T he six cancer registries in India fail to give the true picture of cancer incidence as several cases go unreported. Vinod Raina, additional professor of medical oncology at aiims , recently stated in a television programme that only about 30 per cent of the patients diagnosed with cancer undergo treatment because of the cost and many drop out halfway, having run out of money. Yet, whatever indicators are available do not present an encouraging picture (see graph: Cancer in Delhi ).
Randip Guleria, assistant professor of pulmonary medicine at aiims who participates in a weekly lung cancer clinic, says, "My impression is that there has been an abnormal increase in certain cancers in Delhi, and cancers of blood and lung are two of these. And the problem is only growing, because cancer takes a lot of time to develop, a lot of exposure to toxins. The pollution that we cause today comes back as cancer 10-20 years hence."

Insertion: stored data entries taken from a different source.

Lemma psig_step h g : g <> h -> exists j, (j = 1 \/ j = 2 \/ j = 3)%nat /\
   psig h (shape_jump g j) = (psig h g - 1)%Z.
Proof.
  destruct h as [h1 h2], g as [g1 g2]; intros Hne; unfold psig; cbn [fst snd shape_jump].
  assert (Hab : h1 <> g1 \/ h2 <> g2).
  { destruct (Z.eq_dec h1 g1), (Z.eq_dec h2 g2); [congruence | auto..]. }
  destruct (Z_le_gt_dec 1 (h1 - g1)).
  { exists 1%nat; split; auto; cbn [fst snd shape_jump]; lia. }
  destruct (Z_le_gt_dec (h2 - g2 + 1) (Z.max 0 (- (h1 - g1)))).
  { exists 3%nat; split; auto; cbn [fst snd shape_jump]; lia. }
  exists 2%nat; split; auto; cbn [fst snd shape_jump]; lia.
Qed.

Lemma psig_self_jump h j : (j = 1 \/ j = 2 \/ j = 3)%nat -> psig h (shape_jump h j) = 2%Z.
Proof.
  destruct h as [h1 h2]; intros [ -> | [ -> | -> ] ]; unfold psig; cbn [fst snd shape_jump]; lia.
Qed.

Section KilledJumpChain.

Variable P : shape_state -> nat -> R.
Hypothesis P_nonneg : forall g j, 0 <= P g j.
Hypothesis P_sum : forall g, P g 1 + P g 2 + P g 3 = 1.

Definition mean_step (f : shape_state -> R) (g : shape_state) : R :=
  P g 1 * f (shape_jump g 1) + P g 2 * f (shape_jump g 2) + P g 3 * f (shape_jump g 3).

Variable h : shape_state.

Definition killed (g : shape_state) (j : nat) (f : shape_state -> R) : R :=
  if Zpair_eqb (shape_jump g j) h then 0 else f (shape_jump g j).

Definition kstep (f : shape_state -> R) (g : shape_state) : R :=
  P g 1 * killed g 1 f + P g 2 * killed g 2 f + P g 3 * killed g 3 f.

Fixpoint kiter (n : nat) (f : shape_state -> R) (g : shape_state) : R :=
  match n with
  | O => f g
  | S m => kstep (kiter m f) g
  end.

Definition surv (n : nat) (g : shape_state) : R := kiter n (fun _ => 1) g.

Fixpoint tmean (N : nat) (g : shape_state) : R :=
  match N with
  | O => 0
  | S M => tmean M g + surv M g
  end.

Lemma kstep_ext f f' g : (forall x, f x = f' x) -> kstep f g = kstep f' g.
Proof. intros H; unfold kstep, killed; rewrite !H; reflexivity. Qed.

Lemma kstep_lin a f f' g :
  kstep (fun x => a * f x + f' x) g = a * kstep f g + kstep f' g.
Proof. unfold kstep, killed; case_ifs; ring. Qed.

Lemma kstep_mono f f' g : (forall x, f x <= f' x) -> kstep f g <= kstep f' g.
Proof.
  intros H; unfold kstep, killed.
  pose proof (P_nonneg g 1); pose proof (P_nonneg g 2); pose proof (P_nonneg g 3).
  repeat apply Rplus_le_compat; apply Rmult_le_compat_l; auto; case_ifs; auto; lra.
Qed.

Lemma kstep_bound f c g : (forall x, 0 <= f x <= c) -> 0 <= kstep f g <= c.
Proof.
  intros H; pose proof (P_sum g); unfold kstep, killed.
  pose proof (P_nonneg g 1); pose proof (P_nonneg g 2); pose proof (P_nonneg g 3).
  assert (0 <= c) by (destruct (H g); lra).
  case_ifs;
  repeat match goal with |- context [f ?x] => destruct (H x); generalize dependent (f x); intros end;
  nra.
Qed.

Data projections by the National Cancer Registry Programme of the Indian Council of Medical research show that cancer of the cervix would be the most common cancer in India by July 2001, accounting for more than 12 per cent of all cases. In Delhi, lung cancer is the commonest among men. Blood cancers are also a greater problem in the capital as compared to the other registries. A comparison of blood cancer rates in the late 1980s shows Delhi records the highest rate of occurrence of blood cancers among the six registries in India (see graph: Blood cancers: Delhi's bane ).
What are the reasons for these alarming trends? The causes of cancer are too diverse -- from lifestyle to genetic makeup. Several physicians say better health awareness among the masses is responsible for a greater number of cases being reported, and that rise is proportionate to the increasing population. But this does not explain the entire picture. For example, while cancer is an ageing-related disease, how can childhood cancers be explained? In the us , for example, cancer is the leading cause of disease-related death among children and childhood cancer rates are increasing at 10 per cent every year, according to a 1998 report entitled 'Childhood cancer: a growing problem', published in the Environmental Health Perspectives . Improved diagnostics and better recording of cases are assumed to play a role in this, but "even taken together they cannot explain the magnitude of increases that have been observed," says Sheila Hoar Zahm, deputy chief of occupational epidemiology at the us National Cancer Institute.
In recent times, a lot of scientific support has come in for the view that cancer has more to do with environmental conditions than anything else, including genetic makeup (see 'Genes, dreams and reality', Down To Earth , Vol 9, No 6; August 15, 2000). " iarc reported a few years ago that more than 80-90 per cent of all cancers are related to the environment. Hence, there is no question that with the increase in pollution burden in our environment there will be an increase in the incidence of cancer," says P K Ray, immunotoxicologist and director of the Bose Institute of Calcutta. "Benzene is bad for health and is known to cause certain cancers like those of the bladder and blood. It is toxic to bone marrow and the urinary bladder," says Raina. Benzene is an established human carcinogen, and its levels are amazingly high in the ambient air of cities like Delhi (see graph: Delhi's shockingly high... ). H B Mathur, professor emeritus at the Delhi College of Engineering, and expert on engine technology and a fellow at the Centre for Science and Environment, says when Delhi started using unleaded petrol, nobody gave a thought to the number of vehicles that do not have catalytic converters. "Today, over 90 per cent of the capital's vehicle fleet has no catalytic converter. This causes major emissions of benzene from the exhaust pipes," he says.